WORK TO COMPLETE:
Repeat exactly, and only, the lines below starting at the line that contains "(* (=>) A weak-operator" and ending at the line that contains "destruct (U (map fst", inclusive of both.

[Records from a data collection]
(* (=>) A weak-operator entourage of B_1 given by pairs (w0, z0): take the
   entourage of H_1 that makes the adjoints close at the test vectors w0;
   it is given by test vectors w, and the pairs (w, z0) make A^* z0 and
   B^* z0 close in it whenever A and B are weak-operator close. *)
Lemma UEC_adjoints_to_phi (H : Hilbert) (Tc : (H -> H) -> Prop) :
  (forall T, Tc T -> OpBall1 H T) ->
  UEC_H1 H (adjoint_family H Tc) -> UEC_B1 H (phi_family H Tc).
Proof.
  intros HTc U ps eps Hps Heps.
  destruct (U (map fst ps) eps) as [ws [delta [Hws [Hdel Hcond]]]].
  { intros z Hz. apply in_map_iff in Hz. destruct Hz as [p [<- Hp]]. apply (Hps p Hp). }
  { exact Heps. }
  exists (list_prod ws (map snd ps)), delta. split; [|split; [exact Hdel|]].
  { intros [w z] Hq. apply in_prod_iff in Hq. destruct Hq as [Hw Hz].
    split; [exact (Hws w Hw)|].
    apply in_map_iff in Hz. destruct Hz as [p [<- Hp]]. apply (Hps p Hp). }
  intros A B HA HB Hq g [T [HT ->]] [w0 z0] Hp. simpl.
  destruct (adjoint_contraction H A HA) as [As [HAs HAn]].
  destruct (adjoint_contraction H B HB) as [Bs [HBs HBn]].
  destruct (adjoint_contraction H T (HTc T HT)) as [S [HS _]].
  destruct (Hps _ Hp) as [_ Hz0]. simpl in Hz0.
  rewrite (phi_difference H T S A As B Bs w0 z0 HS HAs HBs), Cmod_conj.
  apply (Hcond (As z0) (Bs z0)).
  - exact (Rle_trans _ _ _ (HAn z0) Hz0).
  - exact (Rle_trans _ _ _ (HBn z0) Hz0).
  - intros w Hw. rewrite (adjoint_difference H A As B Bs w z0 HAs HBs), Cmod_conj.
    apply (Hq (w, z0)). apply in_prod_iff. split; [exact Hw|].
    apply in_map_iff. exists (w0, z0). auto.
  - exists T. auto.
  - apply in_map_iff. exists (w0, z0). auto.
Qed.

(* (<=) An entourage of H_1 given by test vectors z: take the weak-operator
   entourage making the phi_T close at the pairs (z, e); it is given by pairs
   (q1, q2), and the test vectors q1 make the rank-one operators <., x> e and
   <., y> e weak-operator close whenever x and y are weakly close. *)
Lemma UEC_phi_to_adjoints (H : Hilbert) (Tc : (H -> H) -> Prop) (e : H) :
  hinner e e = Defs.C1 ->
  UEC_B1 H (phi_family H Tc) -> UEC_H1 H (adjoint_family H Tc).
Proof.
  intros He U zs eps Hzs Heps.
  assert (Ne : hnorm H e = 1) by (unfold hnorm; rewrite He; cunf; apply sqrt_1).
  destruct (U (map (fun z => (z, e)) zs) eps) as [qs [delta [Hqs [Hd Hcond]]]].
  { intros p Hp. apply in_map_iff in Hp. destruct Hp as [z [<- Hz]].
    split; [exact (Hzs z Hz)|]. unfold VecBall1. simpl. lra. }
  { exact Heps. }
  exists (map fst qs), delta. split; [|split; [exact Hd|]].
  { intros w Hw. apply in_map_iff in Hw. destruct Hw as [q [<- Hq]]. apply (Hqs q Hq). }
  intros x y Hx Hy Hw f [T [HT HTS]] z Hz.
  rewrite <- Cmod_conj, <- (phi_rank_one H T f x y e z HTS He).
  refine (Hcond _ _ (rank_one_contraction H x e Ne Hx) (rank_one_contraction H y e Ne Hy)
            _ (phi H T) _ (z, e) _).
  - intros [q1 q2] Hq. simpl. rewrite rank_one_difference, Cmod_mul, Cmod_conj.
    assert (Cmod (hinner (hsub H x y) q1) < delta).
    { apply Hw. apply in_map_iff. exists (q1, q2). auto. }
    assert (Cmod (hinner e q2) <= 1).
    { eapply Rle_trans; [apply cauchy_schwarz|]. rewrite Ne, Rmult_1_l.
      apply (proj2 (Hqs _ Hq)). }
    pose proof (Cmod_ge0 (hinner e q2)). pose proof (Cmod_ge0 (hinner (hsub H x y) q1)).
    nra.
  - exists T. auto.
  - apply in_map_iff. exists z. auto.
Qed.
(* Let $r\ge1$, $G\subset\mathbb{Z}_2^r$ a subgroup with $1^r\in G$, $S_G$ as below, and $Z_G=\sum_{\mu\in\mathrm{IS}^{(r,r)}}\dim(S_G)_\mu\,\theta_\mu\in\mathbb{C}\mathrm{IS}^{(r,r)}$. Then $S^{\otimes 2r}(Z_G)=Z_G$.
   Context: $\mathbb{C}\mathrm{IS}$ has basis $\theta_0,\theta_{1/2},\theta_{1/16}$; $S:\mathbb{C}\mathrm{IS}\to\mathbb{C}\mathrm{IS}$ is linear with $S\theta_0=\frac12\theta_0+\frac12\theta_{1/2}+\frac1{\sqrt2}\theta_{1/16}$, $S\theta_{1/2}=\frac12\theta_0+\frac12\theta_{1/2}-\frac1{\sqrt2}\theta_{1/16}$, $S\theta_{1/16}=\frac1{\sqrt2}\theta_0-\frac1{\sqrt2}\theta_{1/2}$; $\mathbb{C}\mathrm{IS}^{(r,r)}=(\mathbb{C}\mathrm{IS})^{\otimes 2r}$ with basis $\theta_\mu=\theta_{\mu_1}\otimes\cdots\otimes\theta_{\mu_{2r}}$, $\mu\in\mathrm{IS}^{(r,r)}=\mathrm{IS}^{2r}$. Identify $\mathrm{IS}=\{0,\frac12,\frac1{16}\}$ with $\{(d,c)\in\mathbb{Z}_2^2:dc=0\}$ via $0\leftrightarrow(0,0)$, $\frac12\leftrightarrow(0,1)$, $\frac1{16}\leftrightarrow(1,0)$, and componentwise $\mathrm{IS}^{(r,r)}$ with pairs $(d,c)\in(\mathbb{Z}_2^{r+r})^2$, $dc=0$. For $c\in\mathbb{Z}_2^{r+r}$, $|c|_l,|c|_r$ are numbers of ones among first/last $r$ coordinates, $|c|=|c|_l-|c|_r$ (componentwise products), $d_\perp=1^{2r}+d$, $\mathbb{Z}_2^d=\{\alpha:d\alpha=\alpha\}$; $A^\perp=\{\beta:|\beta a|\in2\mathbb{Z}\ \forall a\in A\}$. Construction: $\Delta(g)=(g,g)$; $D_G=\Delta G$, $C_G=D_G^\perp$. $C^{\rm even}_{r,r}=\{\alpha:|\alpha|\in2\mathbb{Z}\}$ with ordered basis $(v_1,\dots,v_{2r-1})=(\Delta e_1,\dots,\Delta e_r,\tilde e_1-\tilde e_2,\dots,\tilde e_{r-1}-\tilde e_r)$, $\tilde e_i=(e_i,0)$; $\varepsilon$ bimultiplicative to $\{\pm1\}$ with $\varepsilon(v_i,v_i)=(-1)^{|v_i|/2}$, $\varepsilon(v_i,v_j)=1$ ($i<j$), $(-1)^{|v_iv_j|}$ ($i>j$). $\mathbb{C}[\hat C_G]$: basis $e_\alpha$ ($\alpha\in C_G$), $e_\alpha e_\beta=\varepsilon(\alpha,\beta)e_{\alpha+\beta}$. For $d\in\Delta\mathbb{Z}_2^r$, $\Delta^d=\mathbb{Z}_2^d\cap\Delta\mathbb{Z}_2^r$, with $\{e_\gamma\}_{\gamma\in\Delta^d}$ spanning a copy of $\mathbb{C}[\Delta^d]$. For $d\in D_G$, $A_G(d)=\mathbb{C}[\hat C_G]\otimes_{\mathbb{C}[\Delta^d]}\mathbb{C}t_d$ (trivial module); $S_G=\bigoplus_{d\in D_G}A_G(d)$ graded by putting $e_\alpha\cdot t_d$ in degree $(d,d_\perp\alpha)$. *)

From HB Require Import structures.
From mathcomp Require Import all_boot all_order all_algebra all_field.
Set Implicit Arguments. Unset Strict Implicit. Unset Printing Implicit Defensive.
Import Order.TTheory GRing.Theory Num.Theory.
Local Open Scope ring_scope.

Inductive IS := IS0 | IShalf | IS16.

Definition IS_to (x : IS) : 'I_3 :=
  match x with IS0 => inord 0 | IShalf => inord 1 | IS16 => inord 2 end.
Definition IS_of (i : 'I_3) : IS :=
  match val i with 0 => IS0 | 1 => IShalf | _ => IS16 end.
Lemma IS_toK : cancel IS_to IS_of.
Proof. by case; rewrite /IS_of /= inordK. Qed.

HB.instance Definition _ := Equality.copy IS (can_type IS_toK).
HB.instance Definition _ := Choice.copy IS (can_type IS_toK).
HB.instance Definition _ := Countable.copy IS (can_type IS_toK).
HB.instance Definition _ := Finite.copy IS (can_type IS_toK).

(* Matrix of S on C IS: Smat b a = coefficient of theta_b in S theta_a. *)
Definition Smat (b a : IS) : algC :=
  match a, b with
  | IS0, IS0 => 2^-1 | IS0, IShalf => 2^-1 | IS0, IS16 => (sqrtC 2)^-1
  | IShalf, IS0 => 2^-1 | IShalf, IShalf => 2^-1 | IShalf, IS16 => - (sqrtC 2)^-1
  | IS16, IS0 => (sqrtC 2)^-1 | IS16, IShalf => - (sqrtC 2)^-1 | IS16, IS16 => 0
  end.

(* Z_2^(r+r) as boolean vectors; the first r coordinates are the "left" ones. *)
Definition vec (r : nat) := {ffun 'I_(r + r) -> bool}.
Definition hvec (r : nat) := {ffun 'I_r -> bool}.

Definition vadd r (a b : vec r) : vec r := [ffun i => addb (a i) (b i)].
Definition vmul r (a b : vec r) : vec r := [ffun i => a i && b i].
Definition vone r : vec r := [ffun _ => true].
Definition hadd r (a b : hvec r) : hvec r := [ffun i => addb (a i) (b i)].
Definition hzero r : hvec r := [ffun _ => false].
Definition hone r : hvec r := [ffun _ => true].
==
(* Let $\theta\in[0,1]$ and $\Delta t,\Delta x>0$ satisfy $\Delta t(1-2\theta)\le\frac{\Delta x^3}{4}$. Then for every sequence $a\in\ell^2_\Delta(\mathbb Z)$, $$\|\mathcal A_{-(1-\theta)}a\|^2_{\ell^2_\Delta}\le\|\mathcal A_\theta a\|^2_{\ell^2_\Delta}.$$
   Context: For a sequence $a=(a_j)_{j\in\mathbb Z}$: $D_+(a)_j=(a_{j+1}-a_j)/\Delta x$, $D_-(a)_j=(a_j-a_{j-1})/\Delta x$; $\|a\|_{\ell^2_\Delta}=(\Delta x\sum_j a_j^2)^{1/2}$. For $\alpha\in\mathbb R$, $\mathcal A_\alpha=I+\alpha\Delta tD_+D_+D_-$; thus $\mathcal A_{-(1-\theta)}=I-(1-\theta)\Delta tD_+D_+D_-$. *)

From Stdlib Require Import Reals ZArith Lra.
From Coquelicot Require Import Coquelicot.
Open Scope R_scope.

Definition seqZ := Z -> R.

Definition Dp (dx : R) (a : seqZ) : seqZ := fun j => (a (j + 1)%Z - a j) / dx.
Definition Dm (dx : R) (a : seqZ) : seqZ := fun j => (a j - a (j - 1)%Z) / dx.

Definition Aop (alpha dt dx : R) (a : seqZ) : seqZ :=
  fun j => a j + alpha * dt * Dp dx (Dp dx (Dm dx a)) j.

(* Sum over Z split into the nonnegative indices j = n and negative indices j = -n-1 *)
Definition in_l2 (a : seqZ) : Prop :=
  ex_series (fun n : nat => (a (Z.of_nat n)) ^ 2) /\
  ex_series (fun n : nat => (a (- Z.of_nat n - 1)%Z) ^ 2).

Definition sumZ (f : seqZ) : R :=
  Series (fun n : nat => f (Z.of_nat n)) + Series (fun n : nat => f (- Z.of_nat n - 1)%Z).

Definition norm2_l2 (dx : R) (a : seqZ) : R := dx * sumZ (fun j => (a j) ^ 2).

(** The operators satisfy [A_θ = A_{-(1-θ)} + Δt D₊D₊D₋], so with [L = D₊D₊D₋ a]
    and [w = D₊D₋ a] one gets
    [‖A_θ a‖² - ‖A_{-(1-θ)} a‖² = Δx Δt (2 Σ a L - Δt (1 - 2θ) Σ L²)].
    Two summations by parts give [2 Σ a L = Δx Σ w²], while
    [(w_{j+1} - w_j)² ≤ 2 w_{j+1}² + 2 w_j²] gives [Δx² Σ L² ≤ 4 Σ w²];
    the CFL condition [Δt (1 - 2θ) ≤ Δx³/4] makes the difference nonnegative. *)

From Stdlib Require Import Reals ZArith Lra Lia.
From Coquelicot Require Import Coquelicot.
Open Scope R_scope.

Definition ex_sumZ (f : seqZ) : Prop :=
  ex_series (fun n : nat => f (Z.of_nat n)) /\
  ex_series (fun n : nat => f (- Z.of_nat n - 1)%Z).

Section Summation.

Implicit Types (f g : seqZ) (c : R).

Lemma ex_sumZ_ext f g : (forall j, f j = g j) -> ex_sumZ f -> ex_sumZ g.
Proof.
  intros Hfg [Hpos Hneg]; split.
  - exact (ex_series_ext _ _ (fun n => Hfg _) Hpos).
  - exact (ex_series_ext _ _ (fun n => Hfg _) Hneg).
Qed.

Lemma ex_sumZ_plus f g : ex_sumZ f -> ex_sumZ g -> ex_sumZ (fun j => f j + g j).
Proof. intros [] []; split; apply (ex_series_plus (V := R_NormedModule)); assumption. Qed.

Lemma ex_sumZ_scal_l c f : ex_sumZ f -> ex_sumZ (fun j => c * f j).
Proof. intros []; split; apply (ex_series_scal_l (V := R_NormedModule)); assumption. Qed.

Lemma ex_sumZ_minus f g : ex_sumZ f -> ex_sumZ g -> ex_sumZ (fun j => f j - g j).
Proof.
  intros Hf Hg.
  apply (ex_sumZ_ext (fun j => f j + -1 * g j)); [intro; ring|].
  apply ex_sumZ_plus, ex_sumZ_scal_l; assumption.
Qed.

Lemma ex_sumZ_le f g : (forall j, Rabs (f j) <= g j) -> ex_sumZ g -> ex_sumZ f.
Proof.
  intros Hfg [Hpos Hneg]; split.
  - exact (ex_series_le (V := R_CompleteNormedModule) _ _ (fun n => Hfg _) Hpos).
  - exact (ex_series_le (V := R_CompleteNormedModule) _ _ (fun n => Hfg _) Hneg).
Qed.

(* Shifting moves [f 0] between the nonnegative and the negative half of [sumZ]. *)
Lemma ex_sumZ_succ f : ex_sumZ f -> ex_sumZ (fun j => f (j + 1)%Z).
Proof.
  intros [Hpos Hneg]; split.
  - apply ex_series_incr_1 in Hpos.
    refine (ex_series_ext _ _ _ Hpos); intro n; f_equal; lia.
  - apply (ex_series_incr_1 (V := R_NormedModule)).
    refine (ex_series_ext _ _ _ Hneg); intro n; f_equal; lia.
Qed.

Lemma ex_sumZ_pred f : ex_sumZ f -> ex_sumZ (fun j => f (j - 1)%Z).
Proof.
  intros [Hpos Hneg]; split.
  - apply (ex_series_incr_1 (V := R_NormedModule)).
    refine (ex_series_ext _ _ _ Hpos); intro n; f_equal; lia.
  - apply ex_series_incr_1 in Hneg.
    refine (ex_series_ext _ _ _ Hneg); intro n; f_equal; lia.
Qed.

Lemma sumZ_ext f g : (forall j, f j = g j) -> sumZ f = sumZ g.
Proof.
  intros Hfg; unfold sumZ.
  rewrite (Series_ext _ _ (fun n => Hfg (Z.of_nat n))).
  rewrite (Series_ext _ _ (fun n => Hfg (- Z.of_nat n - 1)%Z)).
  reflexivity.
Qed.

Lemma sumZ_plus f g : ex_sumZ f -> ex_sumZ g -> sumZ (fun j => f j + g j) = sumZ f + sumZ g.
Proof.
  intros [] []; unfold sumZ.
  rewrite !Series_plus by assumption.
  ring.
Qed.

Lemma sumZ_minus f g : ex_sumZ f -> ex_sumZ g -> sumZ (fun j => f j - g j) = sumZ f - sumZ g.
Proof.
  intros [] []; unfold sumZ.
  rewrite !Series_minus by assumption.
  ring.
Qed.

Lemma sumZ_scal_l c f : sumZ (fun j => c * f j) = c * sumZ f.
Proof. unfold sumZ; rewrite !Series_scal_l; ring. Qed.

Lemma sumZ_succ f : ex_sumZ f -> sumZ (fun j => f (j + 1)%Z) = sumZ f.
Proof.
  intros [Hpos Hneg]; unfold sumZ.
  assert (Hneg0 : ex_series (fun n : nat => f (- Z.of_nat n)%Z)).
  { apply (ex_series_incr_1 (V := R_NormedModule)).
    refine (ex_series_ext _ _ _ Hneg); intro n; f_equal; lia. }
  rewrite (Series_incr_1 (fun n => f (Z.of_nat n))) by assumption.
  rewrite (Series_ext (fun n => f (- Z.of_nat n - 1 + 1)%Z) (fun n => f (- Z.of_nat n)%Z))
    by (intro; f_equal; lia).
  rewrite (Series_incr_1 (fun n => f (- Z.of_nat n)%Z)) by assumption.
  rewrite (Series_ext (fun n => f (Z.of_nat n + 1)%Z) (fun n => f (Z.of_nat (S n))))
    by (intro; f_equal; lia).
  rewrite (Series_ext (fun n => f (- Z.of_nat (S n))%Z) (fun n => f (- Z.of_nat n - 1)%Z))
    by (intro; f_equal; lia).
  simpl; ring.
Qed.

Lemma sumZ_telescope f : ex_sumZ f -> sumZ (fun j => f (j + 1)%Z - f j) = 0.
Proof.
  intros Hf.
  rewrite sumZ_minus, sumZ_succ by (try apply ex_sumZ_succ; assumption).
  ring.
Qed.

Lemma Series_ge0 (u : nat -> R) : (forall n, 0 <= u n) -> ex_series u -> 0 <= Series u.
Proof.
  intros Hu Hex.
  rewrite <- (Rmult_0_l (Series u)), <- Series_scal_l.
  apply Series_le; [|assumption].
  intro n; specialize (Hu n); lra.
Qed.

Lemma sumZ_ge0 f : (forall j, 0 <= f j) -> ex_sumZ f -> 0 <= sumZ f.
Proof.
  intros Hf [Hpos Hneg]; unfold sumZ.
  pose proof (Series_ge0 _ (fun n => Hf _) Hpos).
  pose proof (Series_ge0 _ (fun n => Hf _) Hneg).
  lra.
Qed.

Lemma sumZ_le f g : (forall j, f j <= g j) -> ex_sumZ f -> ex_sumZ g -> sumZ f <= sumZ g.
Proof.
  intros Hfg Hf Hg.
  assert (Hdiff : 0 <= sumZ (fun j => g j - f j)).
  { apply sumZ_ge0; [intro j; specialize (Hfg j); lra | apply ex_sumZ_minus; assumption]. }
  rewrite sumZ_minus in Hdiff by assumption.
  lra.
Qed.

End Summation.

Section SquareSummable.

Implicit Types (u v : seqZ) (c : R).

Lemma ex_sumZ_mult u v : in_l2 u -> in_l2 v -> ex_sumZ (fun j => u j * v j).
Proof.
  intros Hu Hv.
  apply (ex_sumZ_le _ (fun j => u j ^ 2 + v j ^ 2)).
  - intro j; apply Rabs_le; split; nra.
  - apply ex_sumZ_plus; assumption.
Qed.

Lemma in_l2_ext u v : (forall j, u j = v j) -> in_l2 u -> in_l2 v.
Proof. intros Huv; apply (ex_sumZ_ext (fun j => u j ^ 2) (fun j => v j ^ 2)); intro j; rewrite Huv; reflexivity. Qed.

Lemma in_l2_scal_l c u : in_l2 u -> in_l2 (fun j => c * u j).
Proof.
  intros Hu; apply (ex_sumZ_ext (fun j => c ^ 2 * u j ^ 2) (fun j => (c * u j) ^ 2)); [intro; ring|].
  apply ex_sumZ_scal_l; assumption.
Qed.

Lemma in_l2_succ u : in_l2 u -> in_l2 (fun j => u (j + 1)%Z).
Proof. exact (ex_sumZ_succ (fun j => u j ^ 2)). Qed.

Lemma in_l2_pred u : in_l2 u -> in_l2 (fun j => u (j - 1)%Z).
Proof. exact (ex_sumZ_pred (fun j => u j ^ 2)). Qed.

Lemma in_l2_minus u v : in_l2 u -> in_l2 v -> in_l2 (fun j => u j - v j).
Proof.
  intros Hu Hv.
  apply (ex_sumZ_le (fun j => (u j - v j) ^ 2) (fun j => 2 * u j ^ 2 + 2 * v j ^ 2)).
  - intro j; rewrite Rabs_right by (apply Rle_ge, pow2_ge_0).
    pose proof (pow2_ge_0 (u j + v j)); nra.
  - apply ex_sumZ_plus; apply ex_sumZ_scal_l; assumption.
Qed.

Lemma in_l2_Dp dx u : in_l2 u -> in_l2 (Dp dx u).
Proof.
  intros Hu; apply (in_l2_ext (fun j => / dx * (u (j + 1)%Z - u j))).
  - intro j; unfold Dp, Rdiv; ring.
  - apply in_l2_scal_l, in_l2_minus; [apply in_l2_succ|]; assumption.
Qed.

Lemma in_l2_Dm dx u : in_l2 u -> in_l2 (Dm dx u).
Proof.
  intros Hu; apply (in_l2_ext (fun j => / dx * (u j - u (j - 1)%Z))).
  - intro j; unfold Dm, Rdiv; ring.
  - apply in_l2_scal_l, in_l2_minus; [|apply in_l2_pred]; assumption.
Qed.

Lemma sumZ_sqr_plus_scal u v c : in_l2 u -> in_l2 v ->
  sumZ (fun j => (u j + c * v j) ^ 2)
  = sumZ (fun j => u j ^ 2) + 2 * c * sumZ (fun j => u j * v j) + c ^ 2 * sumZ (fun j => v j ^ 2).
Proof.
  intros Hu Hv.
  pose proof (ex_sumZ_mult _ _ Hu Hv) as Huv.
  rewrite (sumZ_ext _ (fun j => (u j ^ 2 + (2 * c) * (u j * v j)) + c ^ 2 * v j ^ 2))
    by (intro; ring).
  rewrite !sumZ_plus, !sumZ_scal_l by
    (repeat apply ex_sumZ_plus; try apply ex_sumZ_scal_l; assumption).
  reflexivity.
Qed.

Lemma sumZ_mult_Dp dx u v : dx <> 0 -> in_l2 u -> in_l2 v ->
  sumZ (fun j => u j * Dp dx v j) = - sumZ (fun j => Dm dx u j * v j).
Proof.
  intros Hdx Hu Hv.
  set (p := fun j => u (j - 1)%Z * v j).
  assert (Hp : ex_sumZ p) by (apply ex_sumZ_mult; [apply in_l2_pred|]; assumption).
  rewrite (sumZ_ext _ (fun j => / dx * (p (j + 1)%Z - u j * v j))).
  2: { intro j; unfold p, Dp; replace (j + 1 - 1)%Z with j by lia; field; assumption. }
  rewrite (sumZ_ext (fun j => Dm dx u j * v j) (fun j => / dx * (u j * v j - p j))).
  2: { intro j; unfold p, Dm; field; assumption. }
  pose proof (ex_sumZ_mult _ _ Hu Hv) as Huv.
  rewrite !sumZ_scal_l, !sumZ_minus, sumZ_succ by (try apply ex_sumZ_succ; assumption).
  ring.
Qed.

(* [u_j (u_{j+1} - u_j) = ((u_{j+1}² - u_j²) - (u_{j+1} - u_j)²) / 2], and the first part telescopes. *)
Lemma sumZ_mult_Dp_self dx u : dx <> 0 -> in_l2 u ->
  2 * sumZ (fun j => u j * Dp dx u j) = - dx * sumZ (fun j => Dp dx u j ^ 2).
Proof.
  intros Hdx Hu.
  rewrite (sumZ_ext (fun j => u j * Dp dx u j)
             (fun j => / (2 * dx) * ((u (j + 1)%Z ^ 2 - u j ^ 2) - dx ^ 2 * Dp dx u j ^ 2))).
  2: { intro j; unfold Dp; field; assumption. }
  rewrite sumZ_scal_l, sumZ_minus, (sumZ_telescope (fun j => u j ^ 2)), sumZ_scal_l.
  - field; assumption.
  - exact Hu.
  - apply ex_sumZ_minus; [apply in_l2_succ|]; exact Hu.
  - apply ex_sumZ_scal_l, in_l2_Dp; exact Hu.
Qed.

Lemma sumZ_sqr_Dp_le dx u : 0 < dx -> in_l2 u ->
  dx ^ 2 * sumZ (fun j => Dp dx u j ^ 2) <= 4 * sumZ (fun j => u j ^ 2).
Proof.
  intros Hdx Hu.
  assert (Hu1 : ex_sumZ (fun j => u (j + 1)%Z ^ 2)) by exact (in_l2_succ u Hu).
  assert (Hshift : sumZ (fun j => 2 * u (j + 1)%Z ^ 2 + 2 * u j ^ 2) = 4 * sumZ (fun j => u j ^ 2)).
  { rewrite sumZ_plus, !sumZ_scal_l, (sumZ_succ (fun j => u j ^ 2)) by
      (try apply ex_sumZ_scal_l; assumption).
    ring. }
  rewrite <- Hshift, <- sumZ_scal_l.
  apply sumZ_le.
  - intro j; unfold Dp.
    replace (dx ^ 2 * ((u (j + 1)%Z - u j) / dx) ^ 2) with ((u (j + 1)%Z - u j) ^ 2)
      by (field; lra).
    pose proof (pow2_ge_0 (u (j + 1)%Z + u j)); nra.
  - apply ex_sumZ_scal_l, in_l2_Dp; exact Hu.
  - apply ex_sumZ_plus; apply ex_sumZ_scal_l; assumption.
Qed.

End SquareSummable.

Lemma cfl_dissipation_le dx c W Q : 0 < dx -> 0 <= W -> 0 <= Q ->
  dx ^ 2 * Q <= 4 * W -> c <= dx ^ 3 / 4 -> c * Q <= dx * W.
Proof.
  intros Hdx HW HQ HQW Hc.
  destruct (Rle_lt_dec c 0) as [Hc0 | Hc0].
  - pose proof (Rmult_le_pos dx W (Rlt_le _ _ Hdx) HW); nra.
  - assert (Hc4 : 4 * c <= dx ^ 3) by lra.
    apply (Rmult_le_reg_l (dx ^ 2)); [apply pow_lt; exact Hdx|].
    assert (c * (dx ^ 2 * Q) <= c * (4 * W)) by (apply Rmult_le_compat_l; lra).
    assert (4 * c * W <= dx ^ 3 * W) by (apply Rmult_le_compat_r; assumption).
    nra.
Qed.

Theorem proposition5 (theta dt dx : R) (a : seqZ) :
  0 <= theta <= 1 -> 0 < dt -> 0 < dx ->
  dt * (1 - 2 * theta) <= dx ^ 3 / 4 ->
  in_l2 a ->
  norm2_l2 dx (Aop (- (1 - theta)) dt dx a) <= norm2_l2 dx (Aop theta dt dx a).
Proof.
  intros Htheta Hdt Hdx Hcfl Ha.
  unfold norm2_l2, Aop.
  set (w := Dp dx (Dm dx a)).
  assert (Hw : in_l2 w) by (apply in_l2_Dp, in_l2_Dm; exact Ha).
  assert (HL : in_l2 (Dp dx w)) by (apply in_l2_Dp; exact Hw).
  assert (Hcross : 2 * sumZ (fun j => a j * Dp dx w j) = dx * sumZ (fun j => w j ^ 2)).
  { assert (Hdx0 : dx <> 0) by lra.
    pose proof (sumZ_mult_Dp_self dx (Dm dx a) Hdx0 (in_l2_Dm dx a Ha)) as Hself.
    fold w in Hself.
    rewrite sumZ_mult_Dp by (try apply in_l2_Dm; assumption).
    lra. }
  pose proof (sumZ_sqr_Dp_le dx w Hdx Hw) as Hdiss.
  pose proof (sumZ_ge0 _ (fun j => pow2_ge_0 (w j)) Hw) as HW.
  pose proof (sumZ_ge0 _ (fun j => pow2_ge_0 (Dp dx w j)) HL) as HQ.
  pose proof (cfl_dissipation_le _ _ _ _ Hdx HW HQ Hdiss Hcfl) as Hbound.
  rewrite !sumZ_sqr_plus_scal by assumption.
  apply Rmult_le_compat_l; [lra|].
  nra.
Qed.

RESULT BELOW:
(* (=>) A weak-operator entourage of B_1 given by pairs (w0, z0): take the
   entourage of H_1 that makes the adjoints close at the test vectors w0;
   it is given by test vectors w, and the pairs (w, z0) make A^* z0 and
   B^* z0 close in it whenever A and B are weak-operator close. *)
Lemma UEC_adjoints_to_phi (H : Hilbert) (Tc : (H -> H) -> Prop) :
  (forall T, Tc T -> OpBall1 H T) ->
  UEC_H1 H (adjoint_family H Tc) -> UEC_B1 H (phi_family H Tc).
Proof.
  intros HTc U ps eps Hps Heps.
  destruct (U (map fst ps) eps) as [ws [delta [Hws [Hdel Hcond]]]].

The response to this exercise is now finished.